Laurie Metcalf and Nathan Lane.
Photo by Emilio Madrid
Another Broadway revival of “Death of a Salesman,” just a few years after a widely praised 2022 production, didn’t exactly feel necessary. Yet, this one—directed by Joe Mantello and starring Nathan Lane—lands with startling force, driven by a performance so alive and volatile that it makes the play feel newly dangerous.
Mantello’s concept invites skepticism. The Lomans no longer inhabit a modest Brooklyn home but a vast, vaguely industrial void—a warehouse, a garage, somewhere in between. A vintage 1960s Chevrolet sits onstage the entire time, an emblem of Willy’s life on the road and the mid-century promise of mobility and success. It makes for a striking opening image, as Willy rolls forward inside it. After that, it mostly just sits there, one of the few concrete objects in an otherwise stripped-down world.

That bareness turns out to be the point. Arthur Miller wrote the play as a kind of psychological landscape, with scenes overlapping and the past bleeding into the present. Mantello leans into that structure rather than imposing it. Time slips. Scenes collide. The play unfolds everywhere at once, just as it’s written. What first feels conceptual gradually feels inevitable. You stop asking where you are. You just follow Willy.
The production reinforces this dislocation with costumes that jump decades. Willy, in his business suit, looks frozen in time. Everyone else looks contemporary. Biff and Happy wear gym clothes, chains, and undershirts. Howard reads as a modern corporate type in a fleece vest, casually brushing Willy aside while clutching what might as well be a Starbucks cup. Willy doesn’t just seem outdated. He looks like a relic.

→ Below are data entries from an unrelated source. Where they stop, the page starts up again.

Lemma AE_not_pnull E p : prime p -> AE E p <-> ~ pnull E p.
Proof.
move=> pp; split => [[_ [k [k_gt0 Ek]]] | /not_pnullP [y [Ey pNy]]].
  apply/not_pnullP.
  have kE z : z \in E -> ~~ (p %| z) -> k = z %[mod p].
    by move=> zE pNz; case: (Ek z zE) => [pz | ->] //; rewrite pz in pNz.
  have [pk | pNk] := boolP (p %| k); last by exists k; split => //; right.
  exists 1; split; last by rewrite dvdn1 gtn_eqF ?prime_gt1.
  by right => z zE pNz; have := pNz; rewrite -(eq_mod_dvdn (kE z zE pNz)) pk.
split => //; exists y; split; first by case: y pNy {Ey} => //; rewrite dvdn0.
move=> z zE; have [pz | pNz] := boolP (p %| z); [by left | right].
by case: Ey pNy => [-> // | yE _]; rewrite (yE z zE pNz).
Qed.

Lemma AE2 E : AE E 2.
Proof. by apply/(AE_not_pnull E (isT : prime 2)) => /(_ 1 (adh2 E 1)). Qed.

Definition ap3 k m := [:: k; k + m; k + m + m].

Lemma ap3_pos k m : 0 < k -> all_pos (ap3 k m).
Proof. by move=> k_gt0; rewrite /= !addn_gt0 k_gt0. Qed.

Lemma ap3_mod k m r z : r %| m -> z \in ap3 k m -> z = k %[mod r].
Proof.
move=> rm; rewrite !inE; case/or3P => /eqP ->;
  [by [] | rewrite -(muln1 m) | rewrite -addnA addnn -muln2]; exact: modnDM_dvd.
Qed.

Lemma adh_ap3 k m r y : prime r -> r %| m -> ~~ (r %| k) ->
  adh (ap3 k m) r y <-> r %| y \/ y = k %[mod r].
Proof.
move=> rp rm rNk; split => [[pdy | yE] | [pdy | yk]]; [by left | right | by left | right].
  exact: yE (mem_head _ _) rNk.
by move=> z /(ap3_mod rm) -> _.
Qed.

Lemma pnull_of_incongruent E r z1 z2 : z1 \in E -> z2 \in E ->
  ~~ (r %| z1) -> ~~ (r %| z2) -> z1 != z2 %[mod r] -> pnull E r.
Proof.
move=> z1E z2E rNz1 rNz2 + y [// | yE].
by rewrite -(yE _ z1E rNz1) (yE _ z2E rNz2) eqxx.
Qed.

Lemma addn_neq_mod u m r : ~~ (r %| m) -> u != u + m %[mod r].
Proof. by rewrite -{1}(addn0 u) eqn_modDl mod0n eq_sym. Qed.

Lemma ap3_pnull k m r : prime r -> odd r -> ~~ (r %| m) -> pnull (ap3 k m) r.
Proof.
move=> rp ro rNm; have rN2m : ~~ (r %| m + m) by rewrite addnn -muln2 Gauss_dvdl // coprimen2.
have mem1 : k \in ap3 k m by rewrite inE eqxx.
have mem2 : k + m \in ap3 k m by rewrite !inE eqxx orbT.
have mem3 : k + m + m \in ap3 k m by rewrite !inE eqxx !orbT.
have [rk | rNk] := boolP (r %| k).
  have rNkm : ~~ (r %| k + m) by rewrite dvdn_addr.
  apply: (pnull_of_incongruent mem2 mem3 rNkm); first by rewrite -addnA dvdn_addr.
  exact: addn_neq_mod.
have [rkm | rNkm] := boolP (r %| k + m).
  apply: (pnull_of_incongruent mem1 mem3 rNk); first by rewrite dvdn_addr.
  by rewrite -addnA; exact: addn_neq_mod.
exact: pnull_of_incongruent mem1 mem2 rNk rNkm (addn_neq_mod _ rNm).
Qed.

Lemma ap3_mid k m r : prime r -> odd r -> r %| m -> ~~ (r %| k) ->
  ~ pfull (ap3 k m) r /\ ~ pnull (ap3 k m) r.
Proof.
move=> rp ro rm rNk; split.
  move=> full; apply: (not_forall_dvd_or_eq_mod (k := k) rp ro) => y.
  exact/(adh_ap3 _ rp rm rNk).
by apply/not_pnullP; exists k; split => //; apply/(adh_ap3 _ rp rm rNk); right.
Qed.

Lemma adh_le_ap3 E k m : coprime k m ->
  (forall r, prime r -> odd r -> r %| m -> adh E r k) -> adh_le E (ap3 k m).
Proof.
move=> ckm Ek r rp y; case: (even_prime rp) => [-> _ | ro]; first exact: adh2.
have [rm | rNm] := boolP (r %| m); last by move=> /(ap3_pnull (k := k) rp ro rNm) ?; left.
have rNk : ~~ (r %| k) by rewrite -prime_coprime // coprime_sym (coprime_dvdr rm ckm).
by move=> /(adh_ap3 _ rp rm rNk) [? | yk]; [left | exact: adh_mod (esym yk) (Ek r rp ro rm)].
Qed.

Lemma FinfP B : Finf B <-> subN B /\
  exists P : seq nat, forall y, 0 < y -> (forall p, p \in P -> prime p -> odd p -> p %| y) -> B y.
Proof.
split => [[sB [n [U [_ [HU UB]]]]] | [sB [P PB]]]; split => //.
  have [P PU] : exists P : seq nat, forall y, (forall p, p \in P -> prime p -> odd p -> p %| y) ->
      forall i, i \in iota 0 n -> 0 < y -> kclosure (U i) y.
    apply: cat_witnesses => i; rewrite mem_iota leq0n add0n => /HU [oU [z Uz]].
    have [a [b [cab sb _ Ucl]]] := kopen_closure oU Uz.
    exists (primes b) => y yP y_gt0; apply: Ucl => // p pp pb pNy.
    have pP : p \in primes b by rewrite mem_primes pp squarefree_gt0.
    case: (even_prime pp) => [p2 | op]; last by rewrite (yP p pP pp op) in pNy.
    subst p; move: pNy; rewrite dvdn2 negbK => oy.
    have : coprime a 2 by exact: coprime_dvdr pb cab.
    by rewrite coprimen2 => oa; rewrite !modn2 oy oa.
  by exists P => y y_gt0 yP; apply: UB => // i i_lt; apply: PU; rewrite ?mem_iota.
have [b [sb c2b Pb]] := squarefree_coprime_multiple P 2.
exists 2, (fun i => arprog i.+1 b); split => //; split.
  move=> i i_lt; split; last by exists i.+1; exact: arprog_self.
  apply: kopen_arprog; split => //; split; first exact: squarefree_gt0.
  by split => //; case: i i_lt => [|[|//]] _; [exact: coprime1n |].
move=> y y_gt0 cl; apply: PB => // p pP pp op; apply/negPn/negP => pNy.
have p_gt2 := odd_prime_gt2 op pp.
have pb : p %| b by apply: Pb => //; rewrite dvdn_prime2 // gtn_eqF.
(* The closures of 1 + bN and 2 + bN would force y = 1 = 2 (mod p). *)
have := kclosure_arprog_mod (cl 0 isT) pp pb pNy.
by rewrite (kclosure_arprog_mod (cl 1 isT) pp pb pNy) !modn_small // ltnW.
Qed.

Lemma adh_ap3_11 p y : prime p -> adh (ap3 1 1) p y <-> (odd p -> p %| y).
Proof.
move=> pp; case: (even_prime pp) => [-> | op]; first by split => // _; exact: adh2.
have pN1 : ~~ (p %| 1) by rewrite dvdn1 gtn_eqF ?prime_gt1.
by split => [/(ap3_pnull pp op pN1) | /(_ op) pdy]; [| left].
Qed.

Lemma feq_Finf_ap3 : feq Finf (FE (ap3 1 1)).
Proof.
have pos : all_pos (ap3 1 1) by [].
split => B.
  move=> /FinfP [sB [P PB]]; apply/(FEP _ pos); split => //.
  by exists P => y y_gt0 yP; apply: PB => // p pP pp; apply/(adh_ap3_11 _ pp)/yP.
move=> /(FEP _ pos) [sB [P PB]]; apply/FinfP; split => //.
by exists P => y y_gt0 yP; apply: PB => // p pP pp; apply/(adh_ap3_11 _ pp)/yP.
Qed.

Lemma feq_FE_Finf E : all_pos E -> feq (FE E) Finf <-> odd_pnull E.
Proof.
move=> Epos; have pos : all_pos (ap3 1 1) by [].
have [F_ap3 ap3_F] := feq_Finf_ap3.
split => [[_ Finf_E] p pp op y Ey | Enull].
  have /(fle_FE pos Epos) le : fle (FE (ap3 1 1)) (FE E) by move=> B /ap3_F /Finf_E.
  exact: (proj1 (adh_ap3_11 y pp)) (le p pp y Ey) op.
have E_le : adh_le E (ap3 1 1).
  move=> p pp y /(adh_ap3_11 _ pp) yp.
  by case: (even_prime pp) => [-> | op]; [exact: adh2 | left; exact: yp].
have le_E : adh_le (ap3 1 1) E.
  by move=> p pp y Ey; apply/(adh_ap3_11 _ pp) => op; exact: Enull.
split => B; first by move/(proj2 (fle_FE Epos pos) E_le)/ap3_F.
by move/F_ap3/(proj2 (fle_FE pos Epos) le_E).
Qed.

(** * Maximal elements *)

Lemma feq_refl F : feq F F.
Proof. by split. Qed.

Lemma feq_sym F G : feq F G -> feq G F.
Proof. by case. Qed.

Lemma feq_trans F G H : feq F G -> feq G H -> feq F H.
Proof. by move=> [FG GF] [GH HG]; split => B; [move/FG/GH | move/HG/GF]. Qed.

Lemma flt_feq G G' H H' : feq G G' -> feq H H' -> flt G H -> flt G' H'.
Proof.
move=> [_ G'G] [HH' H'H] [GH nHG]; split => [B /G'G /GH /HH' // | H'G'].
by apply: nHG => B /HH' /H'G' /G'G.
Qed.

Lemma flt_FE E D : all_pos E -> all_pos D ->
  flt (FE E) (FE D) <-> adh_le E D /\ ~ adh_le D E.
Proof.
move=> Epos Dpos; split => [[le nle] | [le nle]]; split.
- exact/(fle_FE Epos Dpos).
- by move/(fle_FE Dpos Epos).
- exact/(fle_FE Epos Dpos).
- by move/(fle_FE Dpos Epos).
Qed.
Lemma is_derive_null_v (U : pt -> Prop) (f : pt -> R) u0 w0 :
  open U -> smooth_on U f -> U (pt_uv u0 w0) ->
  is_derive (fun w => f (pt_uv u0 w)) w0 ((Dt f (pt_uv u0 w0) + Dx f (pt_uv u0 w0)) / 2).
Proof.
  intros HU Hf Hp.
  assert (E : forall w, pt_uv u0 w = (u0 / 2 + w * (1 / 2), - u0 / 2 + w * (1 / 2))).
  { intros w; unfold pt_uv; f_equal; field. }
  apply is_derive_ext with (fun l => f (u0 / 2 + l * (1 / 2), - u0 / 2 + l * (1 / 2)));
    [intros; now rewrite E |].
  rewrite E. replace ((Dt f _ + Dx f _) / 2) with
    (Dt f (u0 / 2 + w0 * (1 / 2), - u0 / 2 + w0 * (1 / 2)) * (1 / 2) +
     Dx f (u0 / 2 + w0 * (1 / 2), - u0 / 2 + w0 * (1 / 2)) * (1 / 2)) by field.
  apply (is_derive_along_line U); auto. now rewrite <- E.
Qed.

Lemma is_derive_null_u (U : pt -> Prop) (f : pt -> R) u0 w0 :
  open U -> smooth_on U f -> U (pt_uv u0 w0) ->
  is_derive (fun u => f (pt_uv u w0)) u0 ((Dt f (pt_uv u0 w0) - Dx f (pt_uv u0 w0)) / 2).
Proof.
  intros HU Hf Hp.
  assert (E : forall u, pt_uv u w0 = (w0 / 2 + u * (1 / 2), w0 / 2 + u * (- 1 / 2))).
  { intros u; unfold pt_uv; f_equal; field. }
  apply is_derive_ext with (fun l => f (w0 / 2 + l * (1 / 2), w0 / 2 + l * (- 1 / 2)));
    [intros; now rewrite E |].
  rewrite E. replace ((Dt f _ - Dx f _) / 2) with
    (Dt f (w0 / 2 + u0 * (1 / 2), w0 / 2 + u0 * (- 1 / 2)) * (1 / 2) +
     Dx f (w0 / 2 + u0 * (1 / 2), w0 / 2 + u0 * (- 1 / 2)) * (- 1 / 2)) by field.
  apply (is_derive_along_line U); auto. now rewrite <- E.
Qed.

Lemma eq_of_is_derive_0 (f : R -> R) a b :
  (forall x, Rmin a b <= x <= Rmax a b -> is_derive f x 0) -> f a = f b.
Proof.
  intros H. destruct (MVT_gen f a b (fun _ => 0)) as [c [_ Hc]].
  - intros x Hx. apply H; lra.
  - intros x Hx. apply continuity_pt_filterlim, (ex_derive_continuous f). eexists; now apply H.
  - lra.
Qed.

Lemma causally_convex_null_segment (U : pt -> Prop) u0 w1 w2 : causally_convex U ->
  U (pt_uv u0 w1) -> U (pt_uv u0 w2) -> forall w, Rmin w1 w2 <= w <= Rmax w1 w2 -> U (pt_uv u0 w).
Proof.
  intros HC H1 H2 w Hw. unfold Rmin, Rmax in Hw. destruct (Rle_dec w1 w2).
  - apply (HC (pt_uv u0 w1) (pt_uv u0 w2)); auto; unfold causal_le; rewrite !uc_pt_uv, !vc_pt_uv; lra.
  - apply (HC (pt_uv u0 w2) (pt_uv u0 w1)); auto; unfold causal_le; rewrite !uc_pt_uv, !vc_pt_uv; lra.
Qed.

Section ConformalEmbedding.

Variables (chi : pt -> pt) (U Ut : pt -> Prop) (oml omr : pt -> R).
Hypotheses (HU : open U) (HC : causally_convex U) (Hadm : conf_admissible chi U Ut)
  (Hdu : pullback_du chi U oml) (Hdv : pullback_dv chi U omr).

Let c1 q := fst (chi q).
Let c2 q := snd (chi q).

Mantello’s most effective device is doubling the sons and Bernard with younger actors who appear alongside their adult counterparts. The effect is fluid and haunting, as if memory has taken physical form. It recalls the musical “Follies,” with past and present colliding—and reinforces the sense that Willy is trapped inside his own recollections.
Mantello also keeps the action moving with unusual fluidity, the transitions arriving almost before you register them, which underscores how tightly Miller constructed the play’s shifting timelines. The language itself, shaped here with clarity and momentum, feels less like a period artifact than a living, breathing argument.
At the center is Lane, delivering one of the most electrifying performances of his career. He doesn’t play Willy as a quiet, worn-down man. He plays him as a live wire—sarcastic, pleading, combative, tender, often within a single line.
What’s most striking is the musicality of his voice. This isn’t a musical, and yet it often feels like one when he speaks. Lane shapes Miller’s language as if he’s singing it, or delivering a Shakespearean soliloquy—each phrase carefully pitched, rising and falling with rhythm and intention. He pivots in an instant from buoyant, almost giddy enthusiasm to naked self-pity, then back again, without strain. The shifts are seamless and mesmerizing.
Watching him, you can’t help but think of figures like Mamma Rose and King Lear—characters driven by grand illusions and undone by them. Lane channels that same mix of bravado, delusion, and unraveling into a portrait that is expansive, expressive, and deeply human. When the shifts come, they hit like lightning.

Laurie Metcalf matches him beat for beat. Her Linda is not passive or resigned but active, raw, and visibly straining to hold everything together. She doesn’t just endure Willy—she fights for him.
As Biff, Christopher Abbott keeps things contained until he suddenly doesn’t. His breakdown lands with unusual urgency. Ben Ahlers’ Happy is all restless energy and hollow bravado—sleazy, shameless, and aggressively immature.
Jonathan Cake gives Ben real stature, with a streak of coldness that makes Miller’s point unmistakable: the ones who succeed are often the least humane. Michael Benjamin Washington’s Bernard is composed and fully grown, almost gently amused as he looks back on the past. John Drea’s Howard is prissy, annoyed, and quietly cruel—his indifference cuts deeper than anger.
The production isn’t without quirks. The car, despite its symbolic weight, feels underused. The mash-up of time periods takes a moment to settle. But once it does, those questions fall away. What remains is the play—still devastating, still unsettling, and, right now, uncomfortably relevant.
Willy Loman is a man who has been outpaced, discarded by a system that no longer has use for him. In an era where entire professions feel one technological shift away from extinction, that idea doesn’t feel distant. It feels immediate—and a little too close to home.